Directions for this task ::
The entries that follow include a run beginning at the line with "by rewrite addr_eq0_pchar2 => /eqP." and ending at the line with "Proof. by apply: sqrf_inj; rewrite /= sqrtfK expr0n."; restate that run word for word and leave the rest out.

──────── Records for processing

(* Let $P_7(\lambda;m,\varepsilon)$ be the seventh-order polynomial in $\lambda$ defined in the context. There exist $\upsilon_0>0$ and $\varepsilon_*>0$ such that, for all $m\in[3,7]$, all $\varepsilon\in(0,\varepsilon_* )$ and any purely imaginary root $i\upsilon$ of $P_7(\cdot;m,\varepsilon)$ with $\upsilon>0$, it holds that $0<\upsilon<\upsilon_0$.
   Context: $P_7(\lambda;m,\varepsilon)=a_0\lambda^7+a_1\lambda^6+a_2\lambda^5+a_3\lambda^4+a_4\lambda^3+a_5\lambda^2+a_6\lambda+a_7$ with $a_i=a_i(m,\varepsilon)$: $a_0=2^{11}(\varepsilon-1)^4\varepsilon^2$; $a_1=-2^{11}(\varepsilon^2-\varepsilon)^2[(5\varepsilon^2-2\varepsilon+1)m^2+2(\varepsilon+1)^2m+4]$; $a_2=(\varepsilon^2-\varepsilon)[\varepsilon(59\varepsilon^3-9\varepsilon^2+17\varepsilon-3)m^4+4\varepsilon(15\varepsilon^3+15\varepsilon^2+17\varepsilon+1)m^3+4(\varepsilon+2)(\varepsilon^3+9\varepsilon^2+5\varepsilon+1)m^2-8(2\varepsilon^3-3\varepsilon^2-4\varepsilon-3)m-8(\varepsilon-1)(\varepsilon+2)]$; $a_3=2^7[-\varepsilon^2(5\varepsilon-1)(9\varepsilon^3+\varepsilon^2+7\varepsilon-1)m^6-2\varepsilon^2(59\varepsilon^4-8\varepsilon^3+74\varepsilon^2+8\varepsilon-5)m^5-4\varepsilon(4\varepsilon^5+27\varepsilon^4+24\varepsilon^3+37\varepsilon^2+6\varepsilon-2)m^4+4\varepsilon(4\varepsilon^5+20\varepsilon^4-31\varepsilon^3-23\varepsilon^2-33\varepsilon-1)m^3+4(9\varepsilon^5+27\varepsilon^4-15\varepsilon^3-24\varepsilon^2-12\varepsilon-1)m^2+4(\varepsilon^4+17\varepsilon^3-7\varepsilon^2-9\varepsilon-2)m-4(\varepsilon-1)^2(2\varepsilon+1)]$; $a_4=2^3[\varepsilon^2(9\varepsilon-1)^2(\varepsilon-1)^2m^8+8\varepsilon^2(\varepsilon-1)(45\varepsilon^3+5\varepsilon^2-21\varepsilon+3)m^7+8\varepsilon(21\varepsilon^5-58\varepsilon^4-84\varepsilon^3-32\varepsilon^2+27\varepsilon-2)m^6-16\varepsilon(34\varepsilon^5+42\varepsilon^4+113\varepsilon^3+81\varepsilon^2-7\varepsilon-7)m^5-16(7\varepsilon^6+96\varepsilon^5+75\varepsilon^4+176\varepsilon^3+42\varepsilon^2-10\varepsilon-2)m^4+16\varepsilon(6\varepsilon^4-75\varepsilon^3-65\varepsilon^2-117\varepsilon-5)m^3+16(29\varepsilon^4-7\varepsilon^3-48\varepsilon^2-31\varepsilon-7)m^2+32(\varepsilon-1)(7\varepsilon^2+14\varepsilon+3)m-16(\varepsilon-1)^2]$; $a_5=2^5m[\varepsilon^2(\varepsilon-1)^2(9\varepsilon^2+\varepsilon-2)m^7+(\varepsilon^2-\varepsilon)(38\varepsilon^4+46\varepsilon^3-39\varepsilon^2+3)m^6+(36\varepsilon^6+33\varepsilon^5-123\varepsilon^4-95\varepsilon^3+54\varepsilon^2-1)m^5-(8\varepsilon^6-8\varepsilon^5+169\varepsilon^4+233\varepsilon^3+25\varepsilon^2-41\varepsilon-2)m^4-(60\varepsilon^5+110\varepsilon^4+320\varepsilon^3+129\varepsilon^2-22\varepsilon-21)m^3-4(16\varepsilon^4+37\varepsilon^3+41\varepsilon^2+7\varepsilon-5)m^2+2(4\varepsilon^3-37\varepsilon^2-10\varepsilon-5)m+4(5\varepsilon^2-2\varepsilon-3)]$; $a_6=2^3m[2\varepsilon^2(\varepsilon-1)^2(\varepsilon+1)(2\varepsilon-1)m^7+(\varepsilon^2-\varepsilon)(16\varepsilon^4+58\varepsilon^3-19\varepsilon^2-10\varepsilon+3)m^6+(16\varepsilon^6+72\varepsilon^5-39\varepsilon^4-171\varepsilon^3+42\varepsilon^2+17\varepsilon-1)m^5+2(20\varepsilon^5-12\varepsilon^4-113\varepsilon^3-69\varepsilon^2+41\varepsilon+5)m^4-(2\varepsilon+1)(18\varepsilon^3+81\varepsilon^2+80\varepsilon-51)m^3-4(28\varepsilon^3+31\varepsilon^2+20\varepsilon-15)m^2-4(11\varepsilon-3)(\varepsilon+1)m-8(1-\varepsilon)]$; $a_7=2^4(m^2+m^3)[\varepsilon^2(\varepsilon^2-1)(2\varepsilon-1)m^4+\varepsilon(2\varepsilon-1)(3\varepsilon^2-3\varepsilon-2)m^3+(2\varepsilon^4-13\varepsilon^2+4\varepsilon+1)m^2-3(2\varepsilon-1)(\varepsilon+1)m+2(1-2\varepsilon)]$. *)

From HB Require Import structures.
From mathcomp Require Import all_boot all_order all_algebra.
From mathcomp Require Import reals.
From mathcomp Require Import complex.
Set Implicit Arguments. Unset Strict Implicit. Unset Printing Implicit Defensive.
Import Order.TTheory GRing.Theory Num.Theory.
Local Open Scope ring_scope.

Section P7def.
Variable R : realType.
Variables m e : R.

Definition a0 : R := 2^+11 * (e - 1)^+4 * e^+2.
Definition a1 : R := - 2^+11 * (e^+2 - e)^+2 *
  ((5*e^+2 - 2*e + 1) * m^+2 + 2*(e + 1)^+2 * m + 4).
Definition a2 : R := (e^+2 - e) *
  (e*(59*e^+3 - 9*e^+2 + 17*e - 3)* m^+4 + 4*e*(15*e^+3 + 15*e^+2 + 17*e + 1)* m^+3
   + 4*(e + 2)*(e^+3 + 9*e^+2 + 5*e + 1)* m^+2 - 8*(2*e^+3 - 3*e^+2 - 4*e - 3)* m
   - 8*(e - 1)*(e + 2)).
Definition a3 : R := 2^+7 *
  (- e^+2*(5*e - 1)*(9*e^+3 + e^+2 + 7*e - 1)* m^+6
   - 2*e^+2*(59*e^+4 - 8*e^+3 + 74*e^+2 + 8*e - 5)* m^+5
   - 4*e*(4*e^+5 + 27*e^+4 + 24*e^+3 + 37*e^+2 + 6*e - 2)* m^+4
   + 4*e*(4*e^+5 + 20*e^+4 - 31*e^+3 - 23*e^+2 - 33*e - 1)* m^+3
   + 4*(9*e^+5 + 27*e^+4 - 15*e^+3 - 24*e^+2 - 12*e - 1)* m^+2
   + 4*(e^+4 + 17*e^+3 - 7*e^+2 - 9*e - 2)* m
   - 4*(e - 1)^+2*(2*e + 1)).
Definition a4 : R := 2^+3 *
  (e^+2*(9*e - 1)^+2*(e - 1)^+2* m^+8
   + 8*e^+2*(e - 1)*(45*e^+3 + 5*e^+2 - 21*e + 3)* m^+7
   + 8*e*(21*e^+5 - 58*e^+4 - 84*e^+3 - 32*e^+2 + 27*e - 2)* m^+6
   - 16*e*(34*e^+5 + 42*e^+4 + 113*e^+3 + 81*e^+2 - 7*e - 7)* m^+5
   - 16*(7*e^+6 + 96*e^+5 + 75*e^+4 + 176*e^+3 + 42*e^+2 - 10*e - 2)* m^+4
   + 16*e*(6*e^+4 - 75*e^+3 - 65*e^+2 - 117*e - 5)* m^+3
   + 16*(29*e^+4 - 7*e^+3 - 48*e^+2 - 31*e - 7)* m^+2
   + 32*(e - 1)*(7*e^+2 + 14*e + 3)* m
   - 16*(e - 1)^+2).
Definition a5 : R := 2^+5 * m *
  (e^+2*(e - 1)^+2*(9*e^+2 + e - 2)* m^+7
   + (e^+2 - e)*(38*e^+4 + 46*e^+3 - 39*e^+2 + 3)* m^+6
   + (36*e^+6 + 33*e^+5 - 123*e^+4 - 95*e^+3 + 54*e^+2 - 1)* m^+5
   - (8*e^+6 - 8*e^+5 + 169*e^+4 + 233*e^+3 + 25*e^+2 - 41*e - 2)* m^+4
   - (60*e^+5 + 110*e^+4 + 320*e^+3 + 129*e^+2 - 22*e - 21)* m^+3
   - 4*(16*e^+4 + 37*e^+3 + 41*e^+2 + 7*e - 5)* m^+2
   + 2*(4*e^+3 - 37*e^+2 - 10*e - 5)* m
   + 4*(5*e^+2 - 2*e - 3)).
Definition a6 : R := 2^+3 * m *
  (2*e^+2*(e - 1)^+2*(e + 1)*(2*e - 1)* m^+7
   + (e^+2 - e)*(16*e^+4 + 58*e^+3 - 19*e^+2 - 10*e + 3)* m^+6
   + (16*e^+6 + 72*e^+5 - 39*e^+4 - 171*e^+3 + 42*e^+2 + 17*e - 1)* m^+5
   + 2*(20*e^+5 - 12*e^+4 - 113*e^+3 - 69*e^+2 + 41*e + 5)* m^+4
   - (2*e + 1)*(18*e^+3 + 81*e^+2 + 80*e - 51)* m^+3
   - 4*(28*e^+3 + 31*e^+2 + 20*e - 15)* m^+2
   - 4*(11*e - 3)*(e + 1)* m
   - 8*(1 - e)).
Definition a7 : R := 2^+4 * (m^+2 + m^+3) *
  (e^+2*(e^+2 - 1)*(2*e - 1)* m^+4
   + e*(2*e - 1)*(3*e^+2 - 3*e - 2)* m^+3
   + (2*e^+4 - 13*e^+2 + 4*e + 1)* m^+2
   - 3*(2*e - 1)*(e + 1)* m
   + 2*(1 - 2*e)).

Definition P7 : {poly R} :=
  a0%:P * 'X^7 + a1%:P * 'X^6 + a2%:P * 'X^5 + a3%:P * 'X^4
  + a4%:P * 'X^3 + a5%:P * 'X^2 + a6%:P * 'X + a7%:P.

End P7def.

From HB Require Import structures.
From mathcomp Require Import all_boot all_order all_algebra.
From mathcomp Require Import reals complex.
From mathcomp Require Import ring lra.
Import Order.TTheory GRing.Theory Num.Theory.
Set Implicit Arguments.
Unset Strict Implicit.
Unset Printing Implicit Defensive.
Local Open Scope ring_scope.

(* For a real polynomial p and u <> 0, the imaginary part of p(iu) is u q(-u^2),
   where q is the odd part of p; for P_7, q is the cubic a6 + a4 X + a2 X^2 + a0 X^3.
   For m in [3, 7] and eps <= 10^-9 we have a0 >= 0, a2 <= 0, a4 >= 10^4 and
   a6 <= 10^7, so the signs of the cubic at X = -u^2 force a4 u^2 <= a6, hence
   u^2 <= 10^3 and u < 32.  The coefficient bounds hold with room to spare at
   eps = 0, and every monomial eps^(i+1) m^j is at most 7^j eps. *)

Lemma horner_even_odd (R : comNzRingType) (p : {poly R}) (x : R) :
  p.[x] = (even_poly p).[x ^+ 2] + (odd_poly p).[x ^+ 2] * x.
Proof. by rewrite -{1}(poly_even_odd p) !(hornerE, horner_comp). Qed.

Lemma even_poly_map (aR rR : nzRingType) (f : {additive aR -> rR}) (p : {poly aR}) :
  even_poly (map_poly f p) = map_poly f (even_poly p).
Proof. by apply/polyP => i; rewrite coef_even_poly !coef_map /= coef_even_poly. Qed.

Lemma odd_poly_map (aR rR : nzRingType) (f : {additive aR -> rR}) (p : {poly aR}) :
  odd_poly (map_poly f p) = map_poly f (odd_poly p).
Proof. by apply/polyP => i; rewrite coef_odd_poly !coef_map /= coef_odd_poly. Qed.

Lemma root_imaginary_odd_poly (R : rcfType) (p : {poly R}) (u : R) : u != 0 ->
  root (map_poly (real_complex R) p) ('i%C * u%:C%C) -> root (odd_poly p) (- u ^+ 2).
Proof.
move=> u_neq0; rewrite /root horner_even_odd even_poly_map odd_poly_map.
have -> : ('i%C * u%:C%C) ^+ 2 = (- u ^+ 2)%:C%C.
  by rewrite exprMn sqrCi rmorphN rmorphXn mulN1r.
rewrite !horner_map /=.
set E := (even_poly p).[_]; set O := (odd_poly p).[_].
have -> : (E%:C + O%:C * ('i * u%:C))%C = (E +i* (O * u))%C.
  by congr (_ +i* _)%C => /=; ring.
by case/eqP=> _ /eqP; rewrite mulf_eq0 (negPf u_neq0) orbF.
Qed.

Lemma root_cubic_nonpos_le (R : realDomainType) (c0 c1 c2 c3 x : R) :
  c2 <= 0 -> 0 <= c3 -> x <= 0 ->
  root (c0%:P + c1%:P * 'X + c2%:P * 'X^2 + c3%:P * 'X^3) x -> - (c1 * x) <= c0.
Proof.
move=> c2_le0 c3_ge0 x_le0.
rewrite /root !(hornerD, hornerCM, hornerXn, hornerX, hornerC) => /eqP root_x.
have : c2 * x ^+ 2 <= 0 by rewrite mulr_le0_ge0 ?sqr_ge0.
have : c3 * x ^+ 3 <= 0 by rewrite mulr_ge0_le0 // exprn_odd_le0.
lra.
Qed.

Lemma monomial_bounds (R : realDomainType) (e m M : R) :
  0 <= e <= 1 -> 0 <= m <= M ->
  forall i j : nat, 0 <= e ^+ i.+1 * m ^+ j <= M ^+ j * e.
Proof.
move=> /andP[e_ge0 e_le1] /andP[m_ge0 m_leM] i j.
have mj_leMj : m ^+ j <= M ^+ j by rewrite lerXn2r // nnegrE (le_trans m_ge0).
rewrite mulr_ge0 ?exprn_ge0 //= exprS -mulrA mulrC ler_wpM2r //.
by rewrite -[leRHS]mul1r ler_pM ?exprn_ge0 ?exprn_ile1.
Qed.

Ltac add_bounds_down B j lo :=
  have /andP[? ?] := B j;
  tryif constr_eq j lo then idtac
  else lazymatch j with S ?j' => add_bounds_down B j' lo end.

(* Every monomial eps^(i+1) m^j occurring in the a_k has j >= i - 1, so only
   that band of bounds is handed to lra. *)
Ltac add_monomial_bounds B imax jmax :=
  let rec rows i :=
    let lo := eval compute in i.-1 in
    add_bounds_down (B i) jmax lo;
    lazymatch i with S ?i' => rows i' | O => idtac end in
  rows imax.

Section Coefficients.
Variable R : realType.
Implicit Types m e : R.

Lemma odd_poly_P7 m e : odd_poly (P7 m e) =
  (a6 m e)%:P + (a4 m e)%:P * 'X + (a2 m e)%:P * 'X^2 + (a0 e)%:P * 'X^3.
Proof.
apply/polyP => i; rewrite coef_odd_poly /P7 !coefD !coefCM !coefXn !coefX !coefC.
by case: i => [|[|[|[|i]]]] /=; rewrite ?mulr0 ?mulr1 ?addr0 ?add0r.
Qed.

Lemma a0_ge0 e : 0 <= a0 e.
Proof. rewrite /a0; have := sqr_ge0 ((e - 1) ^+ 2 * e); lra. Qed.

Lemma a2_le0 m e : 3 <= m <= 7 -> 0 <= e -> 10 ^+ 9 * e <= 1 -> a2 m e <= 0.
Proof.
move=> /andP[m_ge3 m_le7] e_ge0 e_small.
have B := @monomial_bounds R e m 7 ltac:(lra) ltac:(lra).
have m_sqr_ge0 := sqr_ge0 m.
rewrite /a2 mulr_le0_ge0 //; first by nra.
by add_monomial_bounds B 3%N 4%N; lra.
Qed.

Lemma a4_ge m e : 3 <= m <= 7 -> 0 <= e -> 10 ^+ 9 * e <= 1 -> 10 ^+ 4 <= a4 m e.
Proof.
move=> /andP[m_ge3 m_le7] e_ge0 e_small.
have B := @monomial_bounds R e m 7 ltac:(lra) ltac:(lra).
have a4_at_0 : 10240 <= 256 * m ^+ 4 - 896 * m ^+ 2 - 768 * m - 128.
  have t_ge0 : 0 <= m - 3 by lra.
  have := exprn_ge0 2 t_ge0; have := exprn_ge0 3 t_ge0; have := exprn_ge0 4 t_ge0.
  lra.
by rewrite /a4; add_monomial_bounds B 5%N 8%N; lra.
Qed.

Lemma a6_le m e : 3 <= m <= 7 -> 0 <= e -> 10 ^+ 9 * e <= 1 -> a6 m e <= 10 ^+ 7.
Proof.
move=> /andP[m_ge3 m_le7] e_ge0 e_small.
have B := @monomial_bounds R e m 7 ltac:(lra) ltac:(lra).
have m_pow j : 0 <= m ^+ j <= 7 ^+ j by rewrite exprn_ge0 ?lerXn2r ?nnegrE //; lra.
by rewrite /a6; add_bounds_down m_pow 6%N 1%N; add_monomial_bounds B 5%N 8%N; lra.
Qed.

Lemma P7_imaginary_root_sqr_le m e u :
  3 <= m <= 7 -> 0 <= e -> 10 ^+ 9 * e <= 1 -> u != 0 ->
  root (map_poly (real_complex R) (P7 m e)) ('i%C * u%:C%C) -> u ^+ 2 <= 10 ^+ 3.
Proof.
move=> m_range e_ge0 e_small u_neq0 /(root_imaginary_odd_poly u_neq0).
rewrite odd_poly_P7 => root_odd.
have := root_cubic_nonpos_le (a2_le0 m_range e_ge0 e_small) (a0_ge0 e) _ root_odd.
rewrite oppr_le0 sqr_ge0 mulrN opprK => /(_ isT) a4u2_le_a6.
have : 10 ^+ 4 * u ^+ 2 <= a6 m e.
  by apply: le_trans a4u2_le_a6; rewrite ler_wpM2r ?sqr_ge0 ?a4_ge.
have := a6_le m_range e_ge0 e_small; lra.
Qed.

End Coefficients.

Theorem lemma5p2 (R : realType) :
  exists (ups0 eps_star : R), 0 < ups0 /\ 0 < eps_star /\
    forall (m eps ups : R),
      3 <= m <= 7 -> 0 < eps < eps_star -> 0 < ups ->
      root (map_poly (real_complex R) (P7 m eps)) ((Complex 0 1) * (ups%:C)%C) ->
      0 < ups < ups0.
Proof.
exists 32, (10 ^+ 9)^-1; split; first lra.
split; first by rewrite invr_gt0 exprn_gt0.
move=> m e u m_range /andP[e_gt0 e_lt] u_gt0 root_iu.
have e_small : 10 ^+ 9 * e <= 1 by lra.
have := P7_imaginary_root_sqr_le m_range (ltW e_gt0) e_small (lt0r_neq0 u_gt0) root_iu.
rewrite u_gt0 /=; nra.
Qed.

────────────────
──────── Records for processing

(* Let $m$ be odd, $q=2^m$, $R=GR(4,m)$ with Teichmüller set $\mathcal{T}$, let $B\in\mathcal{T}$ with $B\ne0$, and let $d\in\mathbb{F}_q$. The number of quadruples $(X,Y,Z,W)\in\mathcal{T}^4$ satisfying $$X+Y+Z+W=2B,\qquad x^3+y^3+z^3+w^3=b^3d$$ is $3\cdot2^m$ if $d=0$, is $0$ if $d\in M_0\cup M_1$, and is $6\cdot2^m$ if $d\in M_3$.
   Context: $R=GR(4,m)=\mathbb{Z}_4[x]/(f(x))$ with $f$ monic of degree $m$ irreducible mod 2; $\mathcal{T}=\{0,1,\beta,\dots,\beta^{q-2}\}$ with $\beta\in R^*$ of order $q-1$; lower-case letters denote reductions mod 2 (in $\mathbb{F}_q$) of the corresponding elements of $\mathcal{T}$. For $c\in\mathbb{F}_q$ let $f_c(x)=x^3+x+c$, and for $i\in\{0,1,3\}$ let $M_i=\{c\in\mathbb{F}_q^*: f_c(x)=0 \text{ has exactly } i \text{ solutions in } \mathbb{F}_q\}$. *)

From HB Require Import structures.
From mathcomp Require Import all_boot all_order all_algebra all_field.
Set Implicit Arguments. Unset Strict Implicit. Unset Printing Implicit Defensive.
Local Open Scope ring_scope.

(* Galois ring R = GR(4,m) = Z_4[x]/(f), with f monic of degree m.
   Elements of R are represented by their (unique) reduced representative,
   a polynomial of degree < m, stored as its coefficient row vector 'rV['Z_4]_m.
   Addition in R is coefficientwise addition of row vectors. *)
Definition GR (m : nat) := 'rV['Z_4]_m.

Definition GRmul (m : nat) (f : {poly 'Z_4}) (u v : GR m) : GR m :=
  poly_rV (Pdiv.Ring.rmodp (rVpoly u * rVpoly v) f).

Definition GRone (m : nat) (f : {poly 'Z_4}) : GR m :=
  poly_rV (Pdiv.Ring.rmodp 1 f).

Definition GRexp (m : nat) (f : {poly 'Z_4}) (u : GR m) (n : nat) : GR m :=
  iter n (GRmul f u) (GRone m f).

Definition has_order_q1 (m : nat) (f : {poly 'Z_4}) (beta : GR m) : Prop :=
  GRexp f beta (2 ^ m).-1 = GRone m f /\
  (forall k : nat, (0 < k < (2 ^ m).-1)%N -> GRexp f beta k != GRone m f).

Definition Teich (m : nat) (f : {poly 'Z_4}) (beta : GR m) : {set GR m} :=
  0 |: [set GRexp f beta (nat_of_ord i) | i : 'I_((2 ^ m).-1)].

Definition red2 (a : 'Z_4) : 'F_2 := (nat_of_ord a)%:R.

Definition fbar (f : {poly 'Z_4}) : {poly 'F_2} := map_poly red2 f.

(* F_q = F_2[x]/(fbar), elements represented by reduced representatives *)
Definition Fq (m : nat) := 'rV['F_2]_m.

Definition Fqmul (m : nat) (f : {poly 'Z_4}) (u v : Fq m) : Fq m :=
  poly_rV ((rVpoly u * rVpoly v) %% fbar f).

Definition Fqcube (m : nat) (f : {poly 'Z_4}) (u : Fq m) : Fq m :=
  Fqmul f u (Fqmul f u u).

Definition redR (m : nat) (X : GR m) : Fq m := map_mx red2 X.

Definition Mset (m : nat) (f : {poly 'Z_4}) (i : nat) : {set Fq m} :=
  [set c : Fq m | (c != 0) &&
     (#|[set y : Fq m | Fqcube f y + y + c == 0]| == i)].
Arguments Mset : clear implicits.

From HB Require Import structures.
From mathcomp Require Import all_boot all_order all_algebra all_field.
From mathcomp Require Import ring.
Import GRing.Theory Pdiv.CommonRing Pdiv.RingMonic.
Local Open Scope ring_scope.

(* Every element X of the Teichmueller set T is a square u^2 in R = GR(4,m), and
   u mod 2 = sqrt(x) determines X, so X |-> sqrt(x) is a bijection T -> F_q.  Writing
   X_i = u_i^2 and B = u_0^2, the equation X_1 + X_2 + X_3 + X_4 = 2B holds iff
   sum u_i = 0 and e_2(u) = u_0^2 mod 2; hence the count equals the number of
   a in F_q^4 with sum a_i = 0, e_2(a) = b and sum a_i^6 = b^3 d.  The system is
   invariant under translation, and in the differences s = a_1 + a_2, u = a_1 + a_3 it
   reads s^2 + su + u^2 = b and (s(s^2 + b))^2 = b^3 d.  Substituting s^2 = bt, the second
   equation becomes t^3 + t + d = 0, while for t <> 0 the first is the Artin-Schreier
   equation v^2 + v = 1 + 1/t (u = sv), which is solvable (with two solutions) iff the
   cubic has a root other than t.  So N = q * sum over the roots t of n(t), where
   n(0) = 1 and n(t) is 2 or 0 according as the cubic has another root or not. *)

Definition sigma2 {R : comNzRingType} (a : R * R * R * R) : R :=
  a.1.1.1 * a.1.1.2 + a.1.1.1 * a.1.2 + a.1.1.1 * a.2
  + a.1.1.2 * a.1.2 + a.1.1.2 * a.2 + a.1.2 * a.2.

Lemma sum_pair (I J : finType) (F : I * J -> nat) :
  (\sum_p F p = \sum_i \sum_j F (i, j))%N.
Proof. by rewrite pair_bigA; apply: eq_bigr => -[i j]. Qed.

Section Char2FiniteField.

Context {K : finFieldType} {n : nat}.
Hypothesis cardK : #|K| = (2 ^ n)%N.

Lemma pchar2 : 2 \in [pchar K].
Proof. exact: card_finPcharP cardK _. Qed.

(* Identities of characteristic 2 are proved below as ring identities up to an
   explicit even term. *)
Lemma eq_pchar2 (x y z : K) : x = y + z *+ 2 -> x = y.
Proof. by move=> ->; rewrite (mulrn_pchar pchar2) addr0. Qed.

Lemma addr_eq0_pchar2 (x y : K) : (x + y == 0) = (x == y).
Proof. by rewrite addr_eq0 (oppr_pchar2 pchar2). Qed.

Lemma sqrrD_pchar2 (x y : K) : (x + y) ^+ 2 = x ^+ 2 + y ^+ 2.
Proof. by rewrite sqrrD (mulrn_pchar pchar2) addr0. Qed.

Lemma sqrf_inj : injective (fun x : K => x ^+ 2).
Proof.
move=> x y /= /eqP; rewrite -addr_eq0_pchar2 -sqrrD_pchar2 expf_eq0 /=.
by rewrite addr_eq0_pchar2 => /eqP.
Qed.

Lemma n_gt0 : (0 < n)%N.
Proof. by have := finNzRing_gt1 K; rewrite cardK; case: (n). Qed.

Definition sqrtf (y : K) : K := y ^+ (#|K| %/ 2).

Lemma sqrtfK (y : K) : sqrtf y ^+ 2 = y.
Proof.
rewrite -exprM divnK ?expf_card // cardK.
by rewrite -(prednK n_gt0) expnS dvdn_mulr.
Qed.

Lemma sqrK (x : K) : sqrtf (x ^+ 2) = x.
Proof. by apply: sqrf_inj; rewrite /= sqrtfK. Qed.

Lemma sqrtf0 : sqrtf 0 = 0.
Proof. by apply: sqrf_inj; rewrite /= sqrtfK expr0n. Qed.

────────────────

Answer for the task ::
by rewrite addr_eq0_pchar2 => /eqP.
Qed.

Lemma n_gt0 : (0 < n)%N.
Proof. by have := finNzRing_gt1 K; rewrite cardK; case: (n). Qed.

Definition sqrtf (y : K) : K := y ^+ (#|K| %/ 2).

Lemma sqrtfK (y : K) : sqrtf y ^+ 2 = y.
Proof.
rewrite -exprM divnK ?expf_card // cardK.
by rewrite -(prednK n_gt0) expnS dvdn_mulr.
Qed.

Lemma sqrK (x : K) : sqrtf (x ^+ 2) = x.
Proof. by apply: sqrf_inj; rewrite /= sqrtfK. Qed.

Lemma sqrtf0 : sqrtf 0 = 0.
Proof. by apply: sqrf_inj; rewrite /= sqrtfK expr0n. Qed.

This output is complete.